[Dataset items]
·····

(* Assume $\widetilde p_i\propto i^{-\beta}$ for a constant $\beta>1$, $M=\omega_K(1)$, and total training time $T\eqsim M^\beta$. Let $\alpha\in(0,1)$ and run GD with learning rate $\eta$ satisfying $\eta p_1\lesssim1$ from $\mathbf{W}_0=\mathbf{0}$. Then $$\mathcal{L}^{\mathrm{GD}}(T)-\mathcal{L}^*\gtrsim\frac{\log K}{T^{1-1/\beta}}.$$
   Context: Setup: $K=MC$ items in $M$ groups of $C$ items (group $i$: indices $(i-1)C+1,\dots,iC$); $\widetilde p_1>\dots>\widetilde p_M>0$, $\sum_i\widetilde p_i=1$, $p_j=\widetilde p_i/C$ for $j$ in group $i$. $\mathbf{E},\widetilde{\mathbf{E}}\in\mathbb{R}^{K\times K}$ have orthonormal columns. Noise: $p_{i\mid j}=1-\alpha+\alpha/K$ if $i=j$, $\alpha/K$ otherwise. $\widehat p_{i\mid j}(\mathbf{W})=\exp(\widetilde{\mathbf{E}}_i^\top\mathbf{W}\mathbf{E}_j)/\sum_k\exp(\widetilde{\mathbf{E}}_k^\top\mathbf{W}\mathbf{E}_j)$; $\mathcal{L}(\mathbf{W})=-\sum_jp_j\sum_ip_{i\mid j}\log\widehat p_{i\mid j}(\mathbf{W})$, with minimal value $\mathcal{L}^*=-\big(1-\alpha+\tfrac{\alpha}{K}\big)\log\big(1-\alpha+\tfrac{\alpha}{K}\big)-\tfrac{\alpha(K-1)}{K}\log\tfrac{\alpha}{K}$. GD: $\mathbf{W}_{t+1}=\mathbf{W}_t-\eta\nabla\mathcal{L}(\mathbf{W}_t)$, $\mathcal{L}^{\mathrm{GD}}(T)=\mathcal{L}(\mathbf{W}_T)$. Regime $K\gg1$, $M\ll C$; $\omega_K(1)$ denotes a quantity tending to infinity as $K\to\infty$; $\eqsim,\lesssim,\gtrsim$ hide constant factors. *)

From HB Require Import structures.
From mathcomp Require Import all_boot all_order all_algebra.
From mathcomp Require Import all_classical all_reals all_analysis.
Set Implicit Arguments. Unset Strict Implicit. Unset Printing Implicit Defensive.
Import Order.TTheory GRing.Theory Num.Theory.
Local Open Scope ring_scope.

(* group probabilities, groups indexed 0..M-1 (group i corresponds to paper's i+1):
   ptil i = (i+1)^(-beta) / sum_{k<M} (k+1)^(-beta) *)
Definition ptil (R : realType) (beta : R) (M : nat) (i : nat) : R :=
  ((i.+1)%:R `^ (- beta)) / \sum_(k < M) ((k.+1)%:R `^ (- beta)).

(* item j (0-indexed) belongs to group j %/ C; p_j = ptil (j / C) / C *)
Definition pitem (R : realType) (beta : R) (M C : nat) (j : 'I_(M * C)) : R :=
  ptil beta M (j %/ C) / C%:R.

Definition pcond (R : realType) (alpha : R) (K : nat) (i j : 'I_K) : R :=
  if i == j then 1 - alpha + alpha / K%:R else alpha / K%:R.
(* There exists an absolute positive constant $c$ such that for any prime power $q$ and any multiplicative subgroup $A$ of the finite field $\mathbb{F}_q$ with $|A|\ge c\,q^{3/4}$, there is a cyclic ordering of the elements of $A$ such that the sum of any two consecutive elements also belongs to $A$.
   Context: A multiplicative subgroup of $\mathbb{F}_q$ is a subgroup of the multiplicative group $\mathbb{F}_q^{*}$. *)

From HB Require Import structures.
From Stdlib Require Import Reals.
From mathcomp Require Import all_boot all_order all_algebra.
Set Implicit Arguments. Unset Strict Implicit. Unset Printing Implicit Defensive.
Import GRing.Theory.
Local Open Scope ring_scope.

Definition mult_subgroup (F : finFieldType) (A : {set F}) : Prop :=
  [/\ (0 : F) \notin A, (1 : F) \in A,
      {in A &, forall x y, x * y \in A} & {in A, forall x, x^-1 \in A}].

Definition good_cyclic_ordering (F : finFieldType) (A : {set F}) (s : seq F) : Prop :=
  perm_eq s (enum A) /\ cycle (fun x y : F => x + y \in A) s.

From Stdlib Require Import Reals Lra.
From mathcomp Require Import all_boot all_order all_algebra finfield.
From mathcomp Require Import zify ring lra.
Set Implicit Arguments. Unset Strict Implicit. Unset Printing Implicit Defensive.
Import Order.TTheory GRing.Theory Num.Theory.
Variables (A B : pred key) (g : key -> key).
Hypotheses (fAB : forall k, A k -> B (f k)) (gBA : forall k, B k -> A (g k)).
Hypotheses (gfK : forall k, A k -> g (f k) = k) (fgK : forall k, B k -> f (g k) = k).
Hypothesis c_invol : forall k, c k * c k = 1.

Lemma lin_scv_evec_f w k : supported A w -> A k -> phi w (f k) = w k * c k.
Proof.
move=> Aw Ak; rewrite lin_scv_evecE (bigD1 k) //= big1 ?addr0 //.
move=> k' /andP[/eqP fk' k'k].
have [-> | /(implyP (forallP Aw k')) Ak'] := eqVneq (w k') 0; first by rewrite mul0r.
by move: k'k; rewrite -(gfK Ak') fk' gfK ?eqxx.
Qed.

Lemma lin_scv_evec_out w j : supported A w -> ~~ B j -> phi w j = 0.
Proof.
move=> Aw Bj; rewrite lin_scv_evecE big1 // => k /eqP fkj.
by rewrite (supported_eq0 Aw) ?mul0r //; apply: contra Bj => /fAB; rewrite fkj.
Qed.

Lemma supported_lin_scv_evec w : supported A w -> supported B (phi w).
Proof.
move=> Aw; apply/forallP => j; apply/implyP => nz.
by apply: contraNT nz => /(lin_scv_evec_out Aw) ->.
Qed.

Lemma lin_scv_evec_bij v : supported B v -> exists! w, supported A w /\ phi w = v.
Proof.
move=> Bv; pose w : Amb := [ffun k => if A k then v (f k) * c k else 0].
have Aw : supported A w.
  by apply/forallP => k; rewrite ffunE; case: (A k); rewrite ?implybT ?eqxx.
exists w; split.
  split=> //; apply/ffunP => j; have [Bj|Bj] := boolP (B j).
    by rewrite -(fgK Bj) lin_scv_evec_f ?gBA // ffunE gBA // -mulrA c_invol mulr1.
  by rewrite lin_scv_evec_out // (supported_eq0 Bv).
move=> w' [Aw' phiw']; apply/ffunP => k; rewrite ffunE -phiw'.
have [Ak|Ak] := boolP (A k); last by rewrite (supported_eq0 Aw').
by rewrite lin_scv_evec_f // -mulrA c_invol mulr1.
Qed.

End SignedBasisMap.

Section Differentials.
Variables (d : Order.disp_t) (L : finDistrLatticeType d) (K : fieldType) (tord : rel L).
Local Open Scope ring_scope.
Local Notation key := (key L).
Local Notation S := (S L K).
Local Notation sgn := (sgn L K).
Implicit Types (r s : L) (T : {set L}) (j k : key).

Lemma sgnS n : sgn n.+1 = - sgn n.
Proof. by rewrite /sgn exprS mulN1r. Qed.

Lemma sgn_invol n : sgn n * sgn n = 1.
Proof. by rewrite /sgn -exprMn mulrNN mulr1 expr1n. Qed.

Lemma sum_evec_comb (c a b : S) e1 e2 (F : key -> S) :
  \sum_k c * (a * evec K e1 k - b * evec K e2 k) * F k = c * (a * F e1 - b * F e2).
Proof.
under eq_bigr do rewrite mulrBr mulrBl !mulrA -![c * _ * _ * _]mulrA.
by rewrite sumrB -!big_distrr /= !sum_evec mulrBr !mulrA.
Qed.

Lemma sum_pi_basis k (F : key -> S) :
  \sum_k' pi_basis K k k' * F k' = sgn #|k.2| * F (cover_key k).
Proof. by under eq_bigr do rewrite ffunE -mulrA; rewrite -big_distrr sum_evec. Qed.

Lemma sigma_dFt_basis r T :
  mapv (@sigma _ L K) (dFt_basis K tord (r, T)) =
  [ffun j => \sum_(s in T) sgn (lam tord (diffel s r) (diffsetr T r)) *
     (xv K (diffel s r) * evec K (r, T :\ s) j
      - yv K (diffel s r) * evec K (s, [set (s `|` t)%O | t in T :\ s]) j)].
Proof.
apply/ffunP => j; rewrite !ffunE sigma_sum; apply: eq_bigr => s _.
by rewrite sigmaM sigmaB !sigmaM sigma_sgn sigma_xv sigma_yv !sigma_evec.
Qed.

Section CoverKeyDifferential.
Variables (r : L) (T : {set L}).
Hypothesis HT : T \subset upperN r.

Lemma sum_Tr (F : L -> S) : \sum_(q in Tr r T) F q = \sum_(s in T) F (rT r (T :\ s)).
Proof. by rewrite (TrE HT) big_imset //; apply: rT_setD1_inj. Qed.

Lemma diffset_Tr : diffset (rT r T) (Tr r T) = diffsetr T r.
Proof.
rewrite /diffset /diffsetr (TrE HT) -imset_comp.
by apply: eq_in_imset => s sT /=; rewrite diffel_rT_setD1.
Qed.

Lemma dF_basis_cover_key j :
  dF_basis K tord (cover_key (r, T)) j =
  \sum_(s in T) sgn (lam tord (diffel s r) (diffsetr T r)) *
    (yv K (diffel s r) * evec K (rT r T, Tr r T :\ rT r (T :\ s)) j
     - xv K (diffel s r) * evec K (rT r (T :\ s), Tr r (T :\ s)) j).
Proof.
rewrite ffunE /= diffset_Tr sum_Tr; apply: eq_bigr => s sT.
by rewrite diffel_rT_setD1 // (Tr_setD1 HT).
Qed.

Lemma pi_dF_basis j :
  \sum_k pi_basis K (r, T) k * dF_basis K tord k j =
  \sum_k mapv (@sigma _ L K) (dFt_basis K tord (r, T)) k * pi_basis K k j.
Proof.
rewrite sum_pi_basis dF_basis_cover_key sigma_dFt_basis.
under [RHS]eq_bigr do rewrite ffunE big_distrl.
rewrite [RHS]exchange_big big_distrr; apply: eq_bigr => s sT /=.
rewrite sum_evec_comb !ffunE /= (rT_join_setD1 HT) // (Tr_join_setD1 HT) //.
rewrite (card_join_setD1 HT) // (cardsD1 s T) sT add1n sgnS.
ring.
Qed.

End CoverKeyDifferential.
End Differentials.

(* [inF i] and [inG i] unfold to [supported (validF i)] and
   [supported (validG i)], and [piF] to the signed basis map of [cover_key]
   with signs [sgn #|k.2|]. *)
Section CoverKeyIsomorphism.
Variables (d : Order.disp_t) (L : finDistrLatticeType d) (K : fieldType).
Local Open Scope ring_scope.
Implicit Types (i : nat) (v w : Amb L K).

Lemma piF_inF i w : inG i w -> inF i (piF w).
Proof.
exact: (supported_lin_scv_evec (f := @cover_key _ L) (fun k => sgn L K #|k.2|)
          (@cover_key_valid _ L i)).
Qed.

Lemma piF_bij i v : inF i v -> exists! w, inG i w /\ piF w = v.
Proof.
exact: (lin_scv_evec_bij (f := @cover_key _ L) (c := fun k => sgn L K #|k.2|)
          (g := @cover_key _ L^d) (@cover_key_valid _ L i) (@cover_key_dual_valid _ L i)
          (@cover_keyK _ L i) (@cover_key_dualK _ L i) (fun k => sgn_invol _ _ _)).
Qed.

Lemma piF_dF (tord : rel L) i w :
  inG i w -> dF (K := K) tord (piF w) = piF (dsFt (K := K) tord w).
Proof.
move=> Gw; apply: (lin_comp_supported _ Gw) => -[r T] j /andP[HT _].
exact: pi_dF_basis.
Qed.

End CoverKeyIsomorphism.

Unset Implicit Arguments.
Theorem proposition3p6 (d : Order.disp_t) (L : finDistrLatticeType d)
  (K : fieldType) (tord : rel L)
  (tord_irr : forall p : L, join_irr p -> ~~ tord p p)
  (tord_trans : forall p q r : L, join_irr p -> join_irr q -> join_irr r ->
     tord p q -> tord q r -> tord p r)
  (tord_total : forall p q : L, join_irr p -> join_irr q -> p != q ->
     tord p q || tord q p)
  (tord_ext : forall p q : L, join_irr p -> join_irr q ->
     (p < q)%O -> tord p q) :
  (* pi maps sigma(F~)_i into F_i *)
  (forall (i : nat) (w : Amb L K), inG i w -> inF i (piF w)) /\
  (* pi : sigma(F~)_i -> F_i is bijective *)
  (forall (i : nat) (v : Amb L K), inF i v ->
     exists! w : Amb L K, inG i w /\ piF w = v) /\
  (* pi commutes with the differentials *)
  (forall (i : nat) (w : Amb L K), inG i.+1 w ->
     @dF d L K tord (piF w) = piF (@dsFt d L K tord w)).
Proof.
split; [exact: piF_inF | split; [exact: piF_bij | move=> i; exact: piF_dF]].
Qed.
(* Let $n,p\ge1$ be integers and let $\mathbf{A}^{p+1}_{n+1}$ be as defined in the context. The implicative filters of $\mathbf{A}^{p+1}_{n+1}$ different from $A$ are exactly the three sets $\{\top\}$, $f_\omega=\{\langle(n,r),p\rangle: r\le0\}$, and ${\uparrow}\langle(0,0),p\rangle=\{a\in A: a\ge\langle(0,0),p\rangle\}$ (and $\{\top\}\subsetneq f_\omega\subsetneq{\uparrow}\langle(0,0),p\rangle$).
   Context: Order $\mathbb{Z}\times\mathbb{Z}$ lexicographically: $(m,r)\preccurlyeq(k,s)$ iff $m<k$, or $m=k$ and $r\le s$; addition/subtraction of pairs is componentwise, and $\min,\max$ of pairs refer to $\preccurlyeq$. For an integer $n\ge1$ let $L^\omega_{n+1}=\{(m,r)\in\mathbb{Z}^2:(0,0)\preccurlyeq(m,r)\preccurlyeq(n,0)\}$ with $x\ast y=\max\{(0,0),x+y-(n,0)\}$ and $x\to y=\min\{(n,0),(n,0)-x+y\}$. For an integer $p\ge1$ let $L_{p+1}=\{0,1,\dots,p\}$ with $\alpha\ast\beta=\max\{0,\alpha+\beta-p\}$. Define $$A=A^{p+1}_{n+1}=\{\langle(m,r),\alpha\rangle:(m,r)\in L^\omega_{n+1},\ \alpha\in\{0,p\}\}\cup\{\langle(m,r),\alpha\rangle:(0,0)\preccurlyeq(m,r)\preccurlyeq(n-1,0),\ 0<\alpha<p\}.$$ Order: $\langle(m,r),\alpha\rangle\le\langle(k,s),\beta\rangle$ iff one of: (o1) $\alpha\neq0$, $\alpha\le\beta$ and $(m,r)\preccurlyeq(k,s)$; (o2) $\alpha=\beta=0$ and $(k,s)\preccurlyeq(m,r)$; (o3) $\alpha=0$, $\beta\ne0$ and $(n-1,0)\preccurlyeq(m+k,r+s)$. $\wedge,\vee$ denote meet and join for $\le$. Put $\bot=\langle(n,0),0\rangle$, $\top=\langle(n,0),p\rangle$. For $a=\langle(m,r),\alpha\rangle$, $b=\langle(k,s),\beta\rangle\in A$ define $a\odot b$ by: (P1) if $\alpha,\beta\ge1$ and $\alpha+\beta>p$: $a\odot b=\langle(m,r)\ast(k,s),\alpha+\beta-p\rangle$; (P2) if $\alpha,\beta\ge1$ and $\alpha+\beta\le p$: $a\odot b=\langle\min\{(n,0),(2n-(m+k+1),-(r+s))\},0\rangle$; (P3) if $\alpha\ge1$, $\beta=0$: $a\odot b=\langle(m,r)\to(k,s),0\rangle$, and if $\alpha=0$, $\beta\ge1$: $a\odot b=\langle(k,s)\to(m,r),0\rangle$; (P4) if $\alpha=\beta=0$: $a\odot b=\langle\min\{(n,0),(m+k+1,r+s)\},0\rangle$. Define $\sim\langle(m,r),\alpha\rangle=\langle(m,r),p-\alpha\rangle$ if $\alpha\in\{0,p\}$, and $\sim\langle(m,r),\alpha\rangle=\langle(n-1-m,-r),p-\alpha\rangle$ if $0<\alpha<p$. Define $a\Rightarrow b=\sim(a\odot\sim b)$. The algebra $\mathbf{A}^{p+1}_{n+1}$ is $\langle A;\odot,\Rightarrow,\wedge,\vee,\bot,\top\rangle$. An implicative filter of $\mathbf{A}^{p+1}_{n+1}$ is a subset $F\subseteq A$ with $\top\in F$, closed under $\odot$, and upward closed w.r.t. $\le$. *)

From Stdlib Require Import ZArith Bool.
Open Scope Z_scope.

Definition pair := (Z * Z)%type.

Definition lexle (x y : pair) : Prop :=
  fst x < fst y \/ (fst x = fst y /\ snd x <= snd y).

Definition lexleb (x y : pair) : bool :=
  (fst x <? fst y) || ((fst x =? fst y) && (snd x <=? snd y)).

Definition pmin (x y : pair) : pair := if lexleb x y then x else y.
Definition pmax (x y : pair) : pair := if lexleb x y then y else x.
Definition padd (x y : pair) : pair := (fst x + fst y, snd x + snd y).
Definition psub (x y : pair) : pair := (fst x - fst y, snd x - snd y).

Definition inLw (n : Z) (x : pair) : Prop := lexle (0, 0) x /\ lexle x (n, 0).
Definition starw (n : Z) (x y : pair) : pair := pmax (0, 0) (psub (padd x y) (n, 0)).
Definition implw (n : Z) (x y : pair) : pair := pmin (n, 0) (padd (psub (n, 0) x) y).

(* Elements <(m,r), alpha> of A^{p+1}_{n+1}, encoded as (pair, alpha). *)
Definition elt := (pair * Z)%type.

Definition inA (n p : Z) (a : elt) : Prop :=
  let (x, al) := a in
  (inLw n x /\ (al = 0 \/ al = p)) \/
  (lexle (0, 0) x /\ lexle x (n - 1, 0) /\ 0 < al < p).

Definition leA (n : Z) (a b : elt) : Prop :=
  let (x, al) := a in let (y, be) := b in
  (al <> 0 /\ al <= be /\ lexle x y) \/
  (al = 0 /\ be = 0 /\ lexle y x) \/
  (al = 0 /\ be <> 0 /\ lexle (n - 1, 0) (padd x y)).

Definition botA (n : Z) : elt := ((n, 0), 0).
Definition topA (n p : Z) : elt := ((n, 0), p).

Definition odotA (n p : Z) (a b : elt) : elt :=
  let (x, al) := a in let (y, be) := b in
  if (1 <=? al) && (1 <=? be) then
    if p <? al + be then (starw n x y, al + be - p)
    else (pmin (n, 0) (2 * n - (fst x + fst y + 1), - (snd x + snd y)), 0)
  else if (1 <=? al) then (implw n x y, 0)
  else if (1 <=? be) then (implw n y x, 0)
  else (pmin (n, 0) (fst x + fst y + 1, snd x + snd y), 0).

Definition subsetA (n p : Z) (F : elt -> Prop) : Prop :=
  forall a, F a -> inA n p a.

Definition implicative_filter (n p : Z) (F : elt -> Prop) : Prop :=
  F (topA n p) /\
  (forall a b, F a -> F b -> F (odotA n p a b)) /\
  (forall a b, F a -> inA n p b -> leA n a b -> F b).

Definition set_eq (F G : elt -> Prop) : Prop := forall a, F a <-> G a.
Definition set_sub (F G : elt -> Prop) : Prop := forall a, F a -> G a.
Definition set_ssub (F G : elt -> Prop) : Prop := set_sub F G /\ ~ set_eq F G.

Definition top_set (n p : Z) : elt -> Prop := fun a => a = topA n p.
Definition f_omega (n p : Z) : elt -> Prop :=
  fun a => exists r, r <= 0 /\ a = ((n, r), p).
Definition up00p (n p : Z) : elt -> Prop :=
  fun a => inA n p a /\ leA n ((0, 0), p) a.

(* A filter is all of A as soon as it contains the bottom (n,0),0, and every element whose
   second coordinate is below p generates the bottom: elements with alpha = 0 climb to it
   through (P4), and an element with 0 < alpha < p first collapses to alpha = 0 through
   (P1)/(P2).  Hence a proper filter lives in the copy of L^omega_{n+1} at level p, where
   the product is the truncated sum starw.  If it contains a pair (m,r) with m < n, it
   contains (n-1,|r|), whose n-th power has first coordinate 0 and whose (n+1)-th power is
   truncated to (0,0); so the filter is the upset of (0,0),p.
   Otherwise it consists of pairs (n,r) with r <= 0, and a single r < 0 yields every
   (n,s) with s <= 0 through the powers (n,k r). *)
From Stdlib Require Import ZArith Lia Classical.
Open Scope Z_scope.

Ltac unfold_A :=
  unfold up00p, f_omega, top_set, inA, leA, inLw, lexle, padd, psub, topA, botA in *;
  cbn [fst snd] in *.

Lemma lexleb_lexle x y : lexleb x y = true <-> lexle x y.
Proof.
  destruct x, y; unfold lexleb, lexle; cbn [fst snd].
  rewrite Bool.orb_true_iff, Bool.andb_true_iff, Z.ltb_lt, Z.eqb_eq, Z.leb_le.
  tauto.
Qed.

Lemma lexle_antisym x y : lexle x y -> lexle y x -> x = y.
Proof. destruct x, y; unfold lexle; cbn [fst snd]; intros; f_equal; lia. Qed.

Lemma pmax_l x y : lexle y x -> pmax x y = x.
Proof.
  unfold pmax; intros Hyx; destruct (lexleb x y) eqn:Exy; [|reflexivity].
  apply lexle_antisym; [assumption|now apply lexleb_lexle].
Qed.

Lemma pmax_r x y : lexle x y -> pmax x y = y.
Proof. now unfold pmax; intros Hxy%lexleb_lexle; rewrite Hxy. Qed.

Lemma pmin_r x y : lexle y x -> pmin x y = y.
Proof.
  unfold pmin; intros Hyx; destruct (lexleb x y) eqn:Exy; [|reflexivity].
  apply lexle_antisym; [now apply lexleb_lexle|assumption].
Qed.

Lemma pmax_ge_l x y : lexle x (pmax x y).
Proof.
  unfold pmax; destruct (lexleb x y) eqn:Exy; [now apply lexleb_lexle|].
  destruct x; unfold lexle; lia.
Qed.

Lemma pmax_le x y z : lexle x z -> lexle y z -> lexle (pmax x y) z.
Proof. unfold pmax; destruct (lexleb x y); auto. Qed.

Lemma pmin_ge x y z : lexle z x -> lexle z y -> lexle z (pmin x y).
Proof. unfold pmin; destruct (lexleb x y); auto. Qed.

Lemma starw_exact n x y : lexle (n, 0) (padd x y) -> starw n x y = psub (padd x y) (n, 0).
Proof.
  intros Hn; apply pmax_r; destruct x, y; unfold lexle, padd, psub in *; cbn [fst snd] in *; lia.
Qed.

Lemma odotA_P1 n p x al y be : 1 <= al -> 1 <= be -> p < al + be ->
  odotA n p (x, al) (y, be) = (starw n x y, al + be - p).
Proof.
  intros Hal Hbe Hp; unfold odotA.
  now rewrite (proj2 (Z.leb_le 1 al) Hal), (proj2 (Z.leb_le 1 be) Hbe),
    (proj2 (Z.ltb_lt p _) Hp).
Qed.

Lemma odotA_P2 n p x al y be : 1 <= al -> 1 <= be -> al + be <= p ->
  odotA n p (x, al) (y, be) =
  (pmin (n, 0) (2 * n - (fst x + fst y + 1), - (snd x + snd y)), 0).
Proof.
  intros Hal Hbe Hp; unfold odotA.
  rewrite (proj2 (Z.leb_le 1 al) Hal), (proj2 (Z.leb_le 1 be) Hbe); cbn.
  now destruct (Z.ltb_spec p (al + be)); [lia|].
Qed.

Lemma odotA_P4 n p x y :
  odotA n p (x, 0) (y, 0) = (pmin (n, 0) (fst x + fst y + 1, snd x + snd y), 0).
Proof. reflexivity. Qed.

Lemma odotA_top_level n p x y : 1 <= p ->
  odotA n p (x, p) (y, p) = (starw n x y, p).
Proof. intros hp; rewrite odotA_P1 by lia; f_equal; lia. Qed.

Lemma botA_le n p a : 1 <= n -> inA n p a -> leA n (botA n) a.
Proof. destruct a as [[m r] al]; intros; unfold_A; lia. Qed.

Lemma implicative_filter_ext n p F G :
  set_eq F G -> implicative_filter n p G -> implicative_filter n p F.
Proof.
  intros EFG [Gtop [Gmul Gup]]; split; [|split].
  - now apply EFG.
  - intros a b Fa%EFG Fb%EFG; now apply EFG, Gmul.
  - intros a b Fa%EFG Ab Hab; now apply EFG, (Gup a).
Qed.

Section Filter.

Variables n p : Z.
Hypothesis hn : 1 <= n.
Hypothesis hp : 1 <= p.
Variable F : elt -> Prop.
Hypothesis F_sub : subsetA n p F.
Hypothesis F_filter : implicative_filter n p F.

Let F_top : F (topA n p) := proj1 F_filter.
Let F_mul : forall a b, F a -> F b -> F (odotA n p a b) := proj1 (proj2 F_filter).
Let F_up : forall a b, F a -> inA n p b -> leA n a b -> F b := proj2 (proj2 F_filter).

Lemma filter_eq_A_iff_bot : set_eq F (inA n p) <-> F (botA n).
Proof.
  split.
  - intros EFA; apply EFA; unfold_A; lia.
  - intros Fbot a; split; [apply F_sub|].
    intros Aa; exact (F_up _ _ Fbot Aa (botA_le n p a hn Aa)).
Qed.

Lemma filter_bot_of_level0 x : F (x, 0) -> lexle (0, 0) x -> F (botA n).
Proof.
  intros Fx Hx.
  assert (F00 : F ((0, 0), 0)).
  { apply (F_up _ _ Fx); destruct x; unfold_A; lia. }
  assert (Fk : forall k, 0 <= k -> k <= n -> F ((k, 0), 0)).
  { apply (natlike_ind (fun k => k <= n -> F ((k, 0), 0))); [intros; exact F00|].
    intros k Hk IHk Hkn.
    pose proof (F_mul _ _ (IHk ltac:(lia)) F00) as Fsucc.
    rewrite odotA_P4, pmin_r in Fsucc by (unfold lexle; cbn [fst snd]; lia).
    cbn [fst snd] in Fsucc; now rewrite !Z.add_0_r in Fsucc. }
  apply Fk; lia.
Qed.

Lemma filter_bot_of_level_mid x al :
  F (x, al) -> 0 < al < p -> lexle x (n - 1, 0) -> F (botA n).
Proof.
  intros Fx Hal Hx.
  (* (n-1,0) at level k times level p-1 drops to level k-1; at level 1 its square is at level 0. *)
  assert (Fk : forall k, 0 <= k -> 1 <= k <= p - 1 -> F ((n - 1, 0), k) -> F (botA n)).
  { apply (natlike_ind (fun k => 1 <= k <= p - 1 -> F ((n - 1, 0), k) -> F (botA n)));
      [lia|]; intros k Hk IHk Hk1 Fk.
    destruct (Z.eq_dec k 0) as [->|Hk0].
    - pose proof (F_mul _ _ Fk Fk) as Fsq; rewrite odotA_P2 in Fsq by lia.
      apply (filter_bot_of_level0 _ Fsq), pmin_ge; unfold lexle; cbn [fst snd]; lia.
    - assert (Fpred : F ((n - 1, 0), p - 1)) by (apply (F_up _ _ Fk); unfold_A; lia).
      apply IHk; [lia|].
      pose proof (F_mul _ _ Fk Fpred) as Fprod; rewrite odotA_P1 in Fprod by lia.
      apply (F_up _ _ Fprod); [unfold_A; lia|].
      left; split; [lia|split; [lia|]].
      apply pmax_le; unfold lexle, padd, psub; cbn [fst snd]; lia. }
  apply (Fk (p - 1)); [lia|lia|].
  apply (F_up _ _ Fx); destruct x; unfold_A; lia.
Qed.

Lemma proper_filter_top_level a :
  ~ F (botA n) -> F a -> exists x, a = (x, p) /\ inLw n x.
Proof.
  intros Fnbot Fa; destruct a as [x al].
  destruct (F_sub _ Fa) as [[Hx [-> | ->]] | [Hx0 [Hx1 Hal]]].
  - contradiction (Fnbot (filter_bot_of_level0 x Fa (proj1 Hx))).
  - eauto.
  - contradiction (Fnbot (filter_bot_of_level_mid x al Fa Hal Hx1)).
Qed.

·····

WHAT TO DO:
Find "[lia|]; intros k Hk IHk Hk1 Fk." in the entries above and copy that whole line exactly, then each line after it through the line that contains "apply (filter_bot_of_level0 _".

WRITTEN REPLY:
      [lia|]; intros k Hk IHk Hk1 Fk.
    destruct (Z.eq_dec k 0) as [->|Hk0].
    - pose proof (F_mul _ _ Fk Fk) as Fsq; rewrite odotA_P2 in Fsq by lia.
      apply (filter_bot_of_level0 _ Fsq), pmin_ge; unfold lexle; cbn [fst snd]; lia.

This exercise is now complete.